Reinstallation of the stent for patient K is carried out analogously to example 6, however, a collapsible polyurethane stent with a memory is used, in which the proximal retainer, made in the form of an open circle, and a linear portion of the stent connected with it, having a length of 265 mm and containing a 15 mm thread not external surface made of tube with an external diameter of 2.5 mm. The distal stent retainer, made in the form of an open circle, and a linear section of the stent 15 mm long connected to it, containing a mating thread 15 mm long on the inner surface, are made of a tube with an external diameter of 3.5 mm. The used stent has lateral perforations along the entire length of the tubes except for the thread

Before installing the stent, the patient is stent assembled by creating a 5 mm threaded connection between the thread and the mating thread at the ends of the linear sections. A stent with a linear length of 275 mm is obtained. With an increase in the length of the threaded joint to 15 mm, the length of the linear section of the assembled stent is reduced to 265 mm.

The installation of a stent with a linear section length of 265 mm to patient K is carried out analogously to example 1.

An installed stent can be located in the patient’s upper urinary tract for 8 weeks without pain and discomfort in the patient, which significantly increases the convenience of using the stent by the patient and the doctor.
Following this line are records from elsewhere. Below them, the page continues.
(* Consider the SAMBA process with a constant learning rate $\alpha\in(0,1)$ satisfying $\alpha<\frac{\Delta}{r^\star-\Delta}$. Let $$\tau(2):=\min\Big\{t\ge1:p_{a^\star}(t)>\tfrac12\Big\},\qquad E(2):=\Big\{\mathbf p\in\mathcal P:\ \tfrac{1-\alpha}{2}\le p_{a^\star}<\tfrac12\Big\}.$$ Then $$\sup_{\mathbf p\in E(2)}\mathbb E\big[\tau(2)\,\big|\,\mathbf p(0)=\mathbf p\big]<\infty.$$
   Context: $\mathcal P$ is the set of probability vectors on $\mathcal A$. Bandit model: $\mathcal A$ finite set of arms, $N=|\mathcal A|$; $R_a(t)\in\{0,1\}$ independent Bernoulli with mean $r_a$ for $a\in\mathcal A$, $t\in\mathbb Z_+$; unique optimal arm $a^\star$ with $r^\star:=r_{a^\star}>r_a$ for $a\ne a^\star$; $\Delta:=r^\star-\max_{a\ne a^\star}r_a>0$. SAMBA process with constant learning rate $\alpha$, started from $\mathbf p(0)$: at time $t$, $a_\star(t)$ is an arm maximizing $p_a(t)$ (ties broken uniformly at random), $p_\star(t)=p_{a_\star(t)}(t)$; one arm is played, arm $a$ with conditional probability $p_a(t)$ given the past; $I_a(t)$ indicates that $a$ is played, $I_\star(t)=I_{a_\star(t)}(t)$, $R_\star(t)=R_{a_\star(t)}(t)$. For $a\ne a_\star(t)$: $p_a(t+1)=p_a(t)+\alpha p_a(t)^2\big[\frac{I_a(t)R_a(t)}{p_a(t)}-\frac{I_\star(t)R_\star(t)}{p_\star(t)}\big]$, and $p_{a_\star(t)}(t+1)=1-\sum_{a\ne a_\star(t)}p_a(t+1)$. *)

From HB Require Import structures.
From mathcomp Require Import all_boot all_order all_algebra.
From mathcomp Require Import all_classical all_reals ereal.
Set Implicit Arguments. Unset Strict Implicit. Unset Printing Implicit Defensive.
Import Order.TTheory GRing.Theory Num.Theory.
Local Open Scope ring_scope.

(* The SAMBA process as a time-homogeneous Markov chain on probability
   vectors p : A -> R.  One step is driven by an outcome
   (l, a, b) : A * A * bool where
     l = the leader a_*(t) (a maximizer of p, chosen uniformly at random),
     a = the arm played (chosen with probability p_a),
     b = the reward R_a(t) of the played arm (Bernoulli(r_a), independent).
   Only the reward of the played arm enters the update (through I_a R_a). *)

Section Samba.
Variables (R : realType) (A : finType).

Definition Outcome := (A * A * bool)%type.

Definition simplex (p : A -> R) : Prop :=
  (forall a, 0 <= p a) /\ \sum_(a : A) p a = 1.

Definition argmaxs (p : A -> R) : {set A} := [set l | [forall c, p c <= p l]].

Definition step_prob (r : A -> R) (p : A -> R) (o : Outcome) : R :=
  let: (l, a, b) := o in
  (if l \in argmaxs p then #|argmaxs p|%:R^-1 else 0)
  * p a * (if b then r a else 1 - r a).

Definition samba_upd (alpha : R) (p : A -> R) (o : Outcome) (c : A) : R :=
  let: (l, a, b) := o in
  p c + alpha * p c ^+ 2 *
        (((c == a) && b)%:R / p c - ((l == a) && b)%:R / p l).

Definition samba_next (alpha : R) (p : A -> R) (o : Outcome) : A -> R :=
  let: (l, a, b) := o in
  fun c => if c == l then 1 - \sum_(c' | c' != l) samba_upd alpha p o c'
           else samba_upd alpha p o c.

Fixpoint path_prob (r : A -> R) (alpha : R) (p : A -> R) (s : seq Outcome) : R :=
  if s is o :: s' then step_prob r p o * path_prob r alpha (samba_next alpha p o) s'
  else 1.

(* min(tau(2), size s) along the path s, where
   tau(2) = min { t >= 1 : p_{astar}(t) > 1/2 } *)
Fixpoint tau2_trunc (astar : A) (alpha : R) (p : A -> R) (s : seq Outcome) : nat :=
  if s is o :: s' then
    let p' := samba_next alpha p o in
    if (2^-1 : R) < p' astar then 1%N else (tau2_trunc astar alpha p' s').+1
  else 0%N.

Definition Etau2_trunc (r : A -> R) (astar : A) (alpha : R) (N : nat)
    (p : A -> R) : R :=
  \sum_(s : N.-tuple Outcome) path_prob r alpha p s * (tau2_trunc astar alpha p s)%:R.

(* E[ tau(2) | p(0) = p ] = sup_N E[min(tau(2),N)]  (monotone convergence),
   as an extended real (possibly +oo) *)
Definition Etau2 (r : A -> R) (astar : A) (alpha : R) (p : A -> R) : \bar R :=
  ereal_sup [set (Etau2_trunc r astar alpha N p)%:E | N in [set: nat]].

Definition E2 (astar : A) (alpha : R) : set (A -> R) :=
  [set p | simplex p /\ (1 - alpha) / 2 <= p astar /\ p astar < 2^-1].

End Samba.

From HB Require Import structures.
From mathcomp Require Import all_boot all_order all_algebra.
From mathcomp Require Import all_classical all_reals ereal.
From mathcomp Require Import ring lra.
Import Order.TTheory GRing.Theory Num.Theory.
Local Open Scope ring_scope.
Local Open Scope classical_set_scope.
Set Implicit Arguments. Unset Strict Implicit. Unset Printing Implicit Defensive.

(* The potential [lyap M q = M q - 1/q] of [q = p_{a*}] has a drift of at least
   [eps = alpha * margin / 2] per step while [q <= 1/2], where
   [margin = r*/(1+alpha) - (r* - Delta)] is positive exactly when
   [alpha (r* - Delta) < Delta], provided [M] is large.  When another arm [l] leads,
   rewarding [a*] multiplies [q] by [1 + alpha], worth [alpha r*/(1+alpha)] through
   [-1/q], while rewarding [l] removes [alpha q^2/p_l], which costs at most
   [alpha (r_l + O(q))]; the quadratic gain [alpha M Delta q^2] absorbs the [O(q)].
   When [a*] leads, the linear part [M q] gains [alpha M sum_{a <> a*} p_a^2 (r* - r_a)],
   which beats the curvature of [-1/q] and is of order [1/|A|] since [q <= 1/2].
   As [lyap M <= M] on [(0, 1]], the truncated hitting times satisfy
   [E[min(tau, N)] <= (M - lyap M q(0)) / eps], uniformly bounded on [E(2)]
   because there [q(0) >= (1 - alpha)/2]. *)

Section Lyapunov.
Variables (R : realType) (M : R).
Hypothesis M_ge0 : 0 <= M.

Definition lyap (q : R) : R := M * q - q^-1.

Lemma lyap_le (q : R) : 0 < q -> q <= 1 -> lyap q <= M.
Proof.
move=> q_gt0 q_le1; rewrite /lyap.
have : 0 < q^-1 by rewrite invr_gt0.
have : M * q <= M by rewrite -[leRHS]mulr1 ler_wpM2l.
lra.
Qed.

Lemma lyap_sub (q y : R) : q != 0 -> q - y != 0 ->
  lyap (q - y) - lyap q = - y * ((q * (q - y))^-1 + M).
Proof. by move=> q_neq0 qy_neq0; rewrite /lyap; field; rewrite q_neq0 qy_neq0. Qed.

Lemma lyap_add_gain (q t : R) : 0 < q -> 0 <= t ->
  M * t <= q * (lyap (q + t / q) - lyap q).
Proof.
move=> q_gt0 t_ge0.
have qt_gt0 : 0 < q + t / q by rewrite ltr_wpDr // divr_ge0 // ltW.
have -> : q * (lyap (q + t / q) - lyap q) = M * t + t * (q * (q + t / q))^-1.
  by rewrite /lyap; field; rewrite !gt_eqF //; nra.
by rewrite lerDl mulr_ge0 // invr_ge0 mulr_ge0 // ltW.
Qed.

Variable alpha : R.
Hypotheses (alpha_gt0 : 0 < alpha) (alpha_lt1 : alpha < 1).

Lemma lyap_scale_gain (q : R) : 0 < q ->
  q * (lyap (q * (1 + alpha)) - lyap q) = alpha / (1 + alpha) + alpha * M * q ^+ 2.
Proof. by move=> q_gt0; rewrite /lyap; field; rewrite !gt_eqF // addr_gt0. Qed.

Lemma lyap_leader_loss (n q x ra : R) : 0 < q -> 0 <= x <= q -> 1 <= n * q ->
    0 <= ra <= 1 ->
  - alpha * x ^+ 2 * (n ^+ 2 / (1 - alpha) + M * ra)
  <= x * ra * (lyap (q - alpha * x) - lyap q).
Proof.
move=> q_gt0 /andP[x_ge0 x_le] nq_ge1 /andP[ra_ge0 ra_le1].
have ax_le : alpha * x <= alpha * q by rewrite ler_wpM2l // ltW.
have qx_ge : (1 - alpha) * q <= q - alpha * x by lra.
have qx_gt0 : 0 < q - alpha * x by apply: lt_le_trans qx_ge; rewrite mulr_gt0 ?subr_gt0.
have n_gt0 : 0 < n by nra.
(* the shrunken coordinate keeps a (1 - alpha) fraction of [q >= 1 / n] *)
have den_ge : 1 - alpha <= n ^+ 2 * (q * (q - alpha * x)).
  have : 1 - alpha <= n * (q - alpha * x) by nra.
  have : 0 <= n * (q - alpha * x) by nra.
  nra.
have inv_le : (q * (q - alpha * x))^-1 <= n ^+ 2 / (1 - alpha).
  by rewrite ler_pdivlMr ?subr_gt0 // mulrC ler_pdivrMr ?mulr_gt0.
have inv_ge0 : 0 <= (q * (q - alpha * x))^-1 by rewrite invr_ge0 mulr_ge0 ?ltW.
have ra_inv_le := le_trans (ler_piMl inv_ge0 ra_le1) inv_le.
have : 0 <= alpha * x ^+ 2 by rewrite mulr_ge0 ?sqr_ge0 ?ltW.
rewrite lyap_sub ?gt_eqF //; nra.
Qed.

Lemma lyap_nonleader_loss (n P q rl : R) : 0 < q <= P -> 1 <= n * P -> 0 <= rl <= 1 ->
  - alpha * (rl + alpha * n / (1 - alpha) * q + M * rl * q ^+ 2)
  <= P * rl * (lyap (q - alpha * q ^+ 2 / P) - lyap q).
Proof.
move=> /andP[q_gt0 q_le] nP_ge1 /andP[rl_ge0 rl_le1].
have P_gt0 : 0 < P by apply: lt_le_trans q_le.
have n_gt0 : 0 < n by nra.
have aq_le : alpha * q <= alpha * P by rewrite ler_wpM2l // ltW.
have Pq_ge : (1 - alpha) * P <= P - alpha * q by lra.
have Pq_gt0 : 0 < P - alpha * q by apply: lt_le_trans Pq_ge; rewrite mulr_gt0 ?subr_gt0.
have -> : P * rl * (lyap (q - alpha * q ^+ 2 / P) - lyap q)
          = - alpha * (rl * (1 + alpha * q / (P - alpha * q)) + M * rl * q ^+ 2).
  by rewrite /lyap; field; rewrite !gt_eqF //; nra.
have inv_le : (P - alpha * q)^-1 <= n / (1 - alpha).
  rewrite ler_pdivlMr ?subr_gt0 // mulrC ler_pdivrMr //.
  have := ler_wpM2l (ltW n_gt0) Pq_ge; nra.
have ratio_ge0 : 0 <= alpha * q / (P - alpha * q) by rewrite divr_ge0 ?mulr_ge0 ?ltW.
have ratio_le : alpha * q / (P - alpha * q) <= alpha * n / (1 - alpha) * q.
  have -> : alpha * n / (1 - alpha) * q = alpha * q * (n / (1 - alpha)) by ring.
  by apply: ler_wpM2l => //; rewrite mulr_ge0 // ltW.
have : rl * (alpha * q / (P - alpha * q)) <= alpha * n / (1 - alpha) * q by nra.
rewrite ler_nM2l ?oppr_lt0 // mulrDr mulr1; lra.
Qed.

End Lyapunov.

Section Simplex.
Variables (R : realType) (A : finType).
Implicit Types (p : A -> R) (a c l : A).

Lemma argmaxs_le p l c : l \in argmaxs p -> p c <= p l.
Proof. by rewrite inE => /forallP. Qed.

Lemma simplex_sum_neq p l : simplex p -> \sum_(c | c != l) p c = 1 - p l.
Proof. by move=> [_ p1]; rewrite -p1 [in RHS](bigD1 l) //= addrC addrK. Qed.

Lemma simplex_le1 p c : simplex p -> p c <= 1.
Proof.
move=> [p_ge0 <-]; rewrite (bigD1 c) //= lerDl.
by apply: sumr_ge0 => i _; apply: p_ge0.
Qed.

Lemma argmaxs_mass p l : simplex p -> l \in argmaxs p -> 1 <= #|A|%:R * p l.
Proof.
move=> [_ p1] l_max; rewrite mulr_natl -sumr_const -p1.
by apply: ler_sum => c _; apply: argmaxs_le.
Qed.

Lemma argmaxs_gt0 p l : simplex p -> l \in argmaxs p -> 0 < p l.
Proof.
move=> sp l_max; have [p_ge0 _] := sp; rewrite lt0r p_ge0 andbT.
by apply: contraTneq (argmaxs_mass sp l_max) => ->; rewrite mulr0 ler10.
Qed.

Lemma argmaxs_nonempty p : simplex p -> exists l, l \in argmaxs p.
Proof.
move=> [_ p1]; case: (pickP (fun _ : A => true)) => [a0 _ | A_empty]; last first.
  by move: p1; rewrite big_pred0 // => /eqP; rewrite eq_sym oner_eq0.
case: (@arg_maxP _ _ _ a0 predT p) => // l _ l_max.
by exists l; rewrite inE; apply/forallP => c; apply: l_max.
Qed.

Lemma sum_argmaxs_inv p : simplex p ->
  \sum_(l in argmaxs p) #|argmaxs p|%:R^-1 = 1 :> R.
Proof.
move=> /argmaxs_nonempty [l l_max].
rewrite sumr_const -[LHS]mulr_natr mulVf // pnatr_eq0 -lt0n.
by apply/card_gt0P; exists l.
Qed.

Lemma sum_sqr_others_ge p a : simplex p -> p a <= 2^-1 ->
  (4 * #|A|%:R)^-1 <= \sum_(c | c != a) p c ^+ 2.
Proof.
move=> sp pa_le; set n : R := #|A|%:R.
have n_gt0 : 0 < n by rewrite ltr0n; apply/card_gt0P; exists a.
set t := (2 * n)^-1.
have t_gt0 : 0 < t by rewrite invr_gt0 mulr_gt0.
have sq_ge0 : 0 <= \sum_(c | c != a) (p c - t) ^+ 2.
  by apply: sumr_ge0 => c _; apply: sqr_ge0.
have sq_expand : \sum_(c | c != a) (p c - t) ^+ 2 =
    \sum_(c | c != a) p c ^+ 2 - 2 * t * (1 - p a) + \sum_(c | c != a) t ^+ 2.
  rewrite -simplex_sum_neq // mulr_sumr -sumrB -big_split /=.
  by apply: eq_bigr => c _; ring.
have tsq_le : \sum_(c | c != a) t ^+ 2 <= n * t ^+ 2.
  rewrite /n mulr_natl -sumr_const [leRHS](bigD1 a) //= lerDr; exact: sqr_ge0.
have -> : (4 * n)^-1 = t / 2 by rewrite /t; field; rewrite gt_eqF.
have ntt : n * t ^+ 2 = t / 2 by rewrite /t; field; rewrite gt_eqF.
nra.
Qed.

End Simplex.

Section Transition.
Variables (R : realType) (A : finType) (alpha : R).
Implicit Types (p : A -> R) (a c l : A).

Lemma samba_next_noreward p l a c : simplex p ->
  samba_next alpha p (l, a, false) c = p c.
Proof.
move=> sp; rewrite /samba_next /samba_upd.
have upd c' : p c' + alpha * p c' ^+ 2 *
    (((c' == a) && false)%:R / p c' - ((l == a) && false)%:R / p l) = p c'.
  by rewrite !andbF !mul0r subr0 mulr0 addr0.
case: eqP => [->|_]; last exact: upd.
by rewrite (eq_bigr _ (fun c' _ => upd c')) simplex_sum_neq // subKr.
Qed.

Lemma samba_next_reward_other p l a c : simplex p -> a != l ->
  samba_next alpha p (l, a, true) c =
  if c == l then p l - alpha * p a else if c == a then p a * (1 + alpha) else p c.
Proof.
move=> sp a_neq_l; rewrite /samba_next /samba_upd.
have upd c' : p c' + alpha * p c' ^+ 2 *
    (((c' == a) && true)%:R / p c' - ((l == a) && true)%:R / p l)
    = p c' + (if c' == a then alpha * p a else 0).
  rewrite !andbT (eq_sym l) (negbTE a_neq_l) /= mul0r subr0.
  case: eqVneq => [->|_] /=; last by rewrite mul0r mulr0 addr0.
  congr (_ + _); rewrite -mulrA; congr (_ * _).
  have [->|pa_neq0] := eqVneq (p a) 0; first by rewrite expr0n /= mul0r.
  by rewrite mul1r expr2 -mulrA mulfV ?mulr1.
have [_|c_neq_l] := eqVneq c l.
  rewrite (eq_bigr _ (fun c' _ => upd c')) big_split /= simplex_sum_neq //.
  rewrite (bigD1 a) //= eqxx big1 ?addr0; first by ring.
  by move=> c' /andP[_ /negbTE ->].
by rewrite upd; case: eqVneq => [->|]; rewrite ?addr0 //; ring.
Qed.

Lemma samba_next_reward_leader p l c : simplex p ->
  samba_next alpha p (l, l, true) c =
  if c == l then p l + alpha * (\sum_(c' | c' != l) p c' ^+ 2) / p l
  else p c - alpha * p c ^+ 2 / p l.
Proof.
move=> sp; rewrite /samba_next /samba_upd.
have upd c' : c' != l -> p c' + alpha * p c' ^+ 2 *
    (((c' == l) && true)%:R / p c' - ((l == l) && true)%:R / p l)
    = p c' - alpha * p c' ^+ 2 / p l.
  by move=> /negbTE c'_neq_l; rewrite c'_neq_l eqxx /= mul0r; ring.
case: (eqVneq c l) => [_|c_neq_l] /=; last by rewrite eqxx /= mul0r; ring.
rewrite (eq_bigr _ upd) sumrB simplex_sum_neq // -mulr_suml -mulr_sumr; ring.
Qed.

Lemma samba_next_sum1 p o : \sum_c samba_next alpha p o c = 1.
Proof.
case: o => [[l a] b]; rewrite (bigD1 l) //= eqxx.
rewrite [X in _ + X](eq_bigr (samba_upd alpha p (l, a, b))) ?subrK //.
by move=> c /negbTE ->.
Qed.

Hypotheses (alpha_gt0 : 0 < alpha) (alpha_lt1 : alpha < 1).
Additional experiments were carried out, which showed that the stent loses its working capacity if it is not made of a polymer material with memory or does not contain a linear section and a retainer at each end of the tube, and also does not contain side perforations. Moreover, the duration of use of the installed stent was sharply reduced if the stent was not made of a polymer bioinert material.
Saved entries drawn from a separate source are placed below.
Lemma dft_mul_idft N g F n : (0 < N)%nat ->
  (forall j q, F (j + q * Z.of_nat N)%Z = F j) ->
  dft N (fun d => g d * idft N F d)%C n =
  (RtoC (/ sqrt (INR N)) * zsum 0 (Z.of_nat N - 1) (fun k => F (n - k)%Z * dft N g k))%C.
Proof.
  intros HN HF. set (c := RtoC (/ sqrt (INR N))).
  set (e := fun x => cexpj (2 * PI * x / INR N)).
  transitivity (zsum 0 (Z.of_nat N - 1) (fun j => zsum 0 (Z.of_nat N - 1) (fun d =>
    c * c * (g d * F j * (e (IZR (j * d)) * cexpj (- (2 * PI * IZR (n * d) / INR N))))))%C).
  { unfold dft, idft. fold c. rewrite zsum_scal_l, zsum_swap. apply zsum_ext. intros d _.
    rewrite zsum_scal_l, zsum_scal_l, zsum_scal_r, zsum_scal_l.
    apply zsum_ext. intros j _. unfold e. ring. }
  unfold dft. fold c. rewrite zsum_scal_l.
  rewrite <- (zsum_reindex 0 (Z.of_nat N - 1) (fun j => (n - j) mod Z.of_nat N)%Z).
  2:{ intros k Hk. pose proof (Z.mod_pos_bound (n - k) (Z.of_nat N)). lia. }
  2:{ intros k1 k2 Hk1 Hk2 E. rewrite !Z.mod_eq in E by lia.
      set (q1 := ((n - k1) / Z.of_nat N)%Z) in *. set (q2 := ((n - k2) / Z.of_nat N)%Z) in *.
      destruct (Z.lt_total q1 q2) as [H|[H|H]]; nia. }
  apply zsum_ext. intros j Hj. rewrite zsum_scal_l, zsum_scal_l, zsum_scal_l.
  apply zsum_ext. intros d _.
  set (q := ((n - j) / Z.of_nat N)%Z).
  assert (Hmod : ((n - j) mod Z.of_nat N = n - j - q * Z.of_nat N)%Z)
    by (rewrite Z.mod_eq by lia; unfold q; ring).
  rewrite Hmod, <- (HF (n - j)%Z (- q)%Z).
  replace (n - j + - q * Z.of_nat N)%Z with (n - j - q * Z.of_nat N)%Z by ring.
  replace (e (IZR ((n - j - q * Z.of_nat N) * d)) * cexpj (- (2 * PI * IZR (n * d) / INR N)))%C
    with (cexpj (- (2 * PI * IZR (j * d) / INR N))).
  { ring. }
  unfold e. rewrite cexpj_add. apply (cexpj_periodic _ _ (q * d)).
  rewrite !mult_IZR, !minus_IZR, !mult_IZR, <- INR_IZR_INZ.
  field. apply not_0_INR. lia.
Qed.

Lemma dft_zsum_mul_idft N lo hi lo' hi' g F n : (0 < N)%nat ->
  (forall L j q, F L (j + q * Z.of_nat N)%Z = F L j) ->
  dft N (fun d => zsum lo hi (fun i => zsum lo' hi' (fun L => g i L d * idft N (F L) d)))%C n =
  zsum lo' hi' (fun L => zsum 0 (Z.of_nat N - 1) (fun k =>
    F L (n - k)%Z * zsum lo hi (fun i => RtoC (/ sqrt (INR N)) * dft N (g i L) k)))%C.
Proof.
  intros HN HF. rewrite dft_zsum.
  erewrite zsum_ext by (intros i _; rewrite dft_zsum; apply zsum_ext; intros L _;
                        rewrite dft_mul_idft by auto; reflexivity).
  rewrite zsum_swap. apply zsum_ext. intros L _.
  erewrite zsum_ext by (intros i _; rewrite zsum_scal_l; reflexivity).
  rewrite zsum_swap. apply zsum_ext. intros k _.
  rewrite zsum_scal_l. apply zsum_ext. intros i _. ring.
Qed.

Lemma inv_sqrt_sq N : (0 < N)%nat ->
  (RtoC (/ sqrt (INR N)) * RtoC (/ sqrt (INR N)))%C = RtoC (/ INR N).
Proof.
  intros HN. rewrite <- RtoC_mult, <- Rinv_mult, sqrt_sqrt; [reflexivity|].
  apply pos_INR.
Qed.

(* The Doppler phase at t = (m + dn M) Ts splits into a phase depending on m only
   and a fractional frequency offset nu / N in the index dn. *)
Lemma dft_doppler_path (N M : nat) Ts (c : C) nu m (A : Z -> C) k :
  (0 < N)%nat -> (0 < M)%nat -> 0 < Ts ->
  (RtoC (/ sqrt (INR N)) * dft N (fun dn =>
     c * cexpj (2 * PI * (nu / (INR N * INR M * Ts)) * (IZR m * Ts + IZR dn * (INR M * Ts))) *
     A dn) k)%C =
  (c * cexpj (2 * PI * nu * IZR m / (INR N * INR M)) *
   (RtoC (/ INR N) * zsum 0 (Z.of_nat N - 1) (fun dn =>
      cexpj (- (2 * PI * IZR dn * (IZR k - nu) / INR N)) * A dn)))%C.
Proof.
  intros HN HM HTs. unfold dft.
  rewrite Cmult_assoc, inv_sqrt_sq, !zsum_scal_l by exact HN.
  apply zsum_ext. intros dn _.
  transitivity (c * RtoC (/ INR N) * A dn *
    cexpj (2 * PI * (nu / (INR N * INR M * Ts)) * (IZR m * Ts + IZR dn * (INR M * Ts)) +
           - (2 * PI * IZR (k * dn) / INR N)))%C.
  { rewrite <- cexpj_add. ring. }
  transitivity (c * RtoC (/ INR N) * A dn *
    cexpj (2 * PI * nu * IZR m / (INR N * INR M) + - (2 * PI * IZR dn * (IZR k - nu) / INR N)))%C.
  { do 2 f_equal. rewrite mult_IZR. field.
    assert (INR N <> 0) by (apply not_0_INR; lia).
    assert (INR M <> 0) by (apply not_0_INR; lia).
    repeat split; lra. }
  rewrite <- cexpj_add. ring.
Qed.

(** * Reduced cyclic prefix *)

Definition rcp_phase (N : nat) (m' n' : Z) : C :=
  if (0 <=? m')%Z then RtoC 1 else cexpj (- (2 * PI * IZR n' / INR N)).

Lemma rcp_phase_periodic N m' j q : (0 < N)%nat ->
  rcp_phase N m' (j + q * Z.of_nat N)%Z = rcp_phase N m' j.
Proof.
  intros HN. unfold rcp_phase. destruct (0 <=? m')%Z; [reflexivity|].
  apply (cexpj_periodic _ _ (- q)). rewrite plus_IZR, !mult_IZR, opp_IZR, <- INR_IZR_INZ.
  field. apply not_0_INR. lia.
Qed.

Lemma delayed_index_div (M m L d : Z) : (0 <= m < M)%Z -> (0 <= L < M)%Z ->
  ((m + d * M - L) / M = d - if 0 <=? m - L then 0 else 1)%Z.
Proof.
  intros Hm HL. destruct (Z.leb_spec 0 (m - L)).
  - replace (m + d * M - L)%Z with (m - L + d * M)%Z by ring.
    rewrite Z.div_add, Z.div_small by lia. ring.
  - replace (m + d * M - L)%Z with (m - L + M + (d - 1) * M)%Z by ring.
    rewrite Z.div_add, Z.div_small by lia. ring.
Qed.

Lemma idft_cyclic_prefix N F d :
  (if (d =? -1)%Z then idft N F (Z.of_nat N - 1) else idft N F d) = idft N F d.
Proof.
  destruct (Z.eqb_spec d (-1)) as [->|_]; [|reflexivity].
  rewrite <- (idft_periodic N F (-1)). f_equal. lia.
Qed.

Lemma rcp_frame_delayed (M N : nat) (X : Z -> Z -> C) (x : Z -> Z -> C) m L d :
  (forall m' d', x m' d' =
     if (d' =? -1)%Z then idft N (X m') (Z.of_nat N - 1) else idft N (X m') d') ->
  (0 <= m < Z.of_nat M)%Z -> (0 <= L < Z.of_nat M)%Z ->
  x ((m + d * Z.of_nat M - L) mod Z.of_nat M)%Z ((m + d * Z.of_nat M - L) / Z.of_nat M)%Z =
  idft N (fun j => X ((m - L) mod Z.of_nat M)%Z (j mod Z.of_nat N)%Z * rcp_phase N (m - L) j)%C d.
Proof.
  intros Hx Hm HL.
  rewrite Hx, delayed_index_div, idft_cyclic_prefix by lia.
  replace (m + d * Z.of_nat M - L)%Z with (m - L + d * Z.of_nat M)%Z by ring.
  rewrite Z_mod_plus_full.
  transitivity (idft N (fun j => X ((m - L) mod Z.of_nat M)%Z j * rcp_phase N (m - L) j)%C d).
  2:{ apply idft_ext. intros j Hj. rewrite (Z.mod_small j) by lia. reflexivity. }
  unfold rcp_phase. destruct (0 <=? m - L)%Z.
  - rewrite Z.sub_0_r. apply idft_ext. intros j _. ring.
  - apply idft_pred.
Qed.

(** * Pulse trains *)

Definition pulse_train (M N : nat) (Ts : R) (a : R -> C) (x : Z -> Z -> C) (t : R) : C :=
  zsum 0 (Z.of_nat M - 1) (fun m => zsum (-1) (Z.of_nat N - 1) (fun dn =>
    x m dn * a (t - IZR m * Ts - IZR dn * (INR M * Ts))%R))%C.

Lemma pulse_train_serial M N Ts (a : R -> C) x t : (0 < M)%nat ->
  pulse_train M N Ts a x t =
  zsum (- Z.of_nat M) (Z.of_nat N * Z.of_nat M - 1) (fun v =>
    x (v mod Z.of_nat M)%Z (v / Z.of_nat M)%Z * a (t - IZR v * Ts)%R)%C.
Proof.
  intros HM. replace (- Z.of_nat M)%Z with (-1 * Z.of_nat M)%Z by ring.
  replace (Z.of_nat N * Z.of_nat M - 1)%Z with ((Z.of_nat N - 1 + 1) * Z.of_nat M - 1)%Z by ring.
  rewrite <- zsum_blocks by lia.
  apply zsum_ext. intros m Hm. apply zsum_ext. intros dn _.
  rewrite Z_mod_plus_full, Z.div_add, Z.mod_small, Z.div_small by lia.
  rewrite Z.add_0_l, plus_IZR, mult_IZR, <- INR_IZR_INZ. do 2 f_equal. ring.
Qed.

Lemma pulse_train_sample M N Ts (a : R -> C) x lp u t : (0 < M)%nat ->
  (0 <= lp < Z.of_nat M)%Z -> (0 <= u <= Z.of_nat N * Z.of_nat M - 1)%Z ->
  (forall L, (L < 0 \/ lp < L)%Z -> a (t - IZR (u - L) * Ts) = 0) ->
  pulse_train M N Ts a x t =
  zsum 0 lp (fun L =>
    x ((u - L) mod Z.of_nat M)%Z ((u - L) / Z.of_nat M)%Z * a (t - IZR (u - L) * Ts)%R)%C.
Proof.
  intros HM Hlp Hu Hout. rewrite pulse_train_serial by exact HM.
  apply (zsum_window _ _ u lp); [lia | lia | lia |].
  intros v _ Hv. replace v with (u - (u - v))%Z by ring.
  rewrite Hout by lia. ring.
Qed.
It can be seen from the above examples that the proposed stent really increases the duration of use of the installed stent by the patient by 40-75% and significantly increases the usability of the stent by the patient and the doctor due to the more rare replacement of one stent with another, and also expands the arsenal of technical means that can be used as ureteral stents in planned and especially in emergency situations.

Claims (1)

The ureteral stent, made in the form of a tube made of a polymer bioinert material with memory, with lateral perforations, a linear section and a retainer at each end of the tube, characterized in that the stent is collapsible, in which the distal retainer and the linear portion of the stent connected to it are made of tube 1 with an external diameter of not more than 4.0 mm, while the linear section contains a thread of at least 15 mm in length on the inner surface of the end not connected to the clamp, a proximal clamp and connected to the linear section of the stent with a length of at least 220 mm is made of tube 2 with an external diameter of at least 2.0 mm, and the linear section contains a mating thread with a length of at least 15 mm on the outer surface of the end not connected to the clamp, and the length of each of the linear sections of the stent and the length of the thread on each of them is selected so that when creating a threaded connection with a length of at least 5 mm between the thread and the mating thread, the length of the linear section of the assembled stent is 220 - 320 mm, and the perforations are made along the entire length of the pipes to 1 and 2, except for the thread.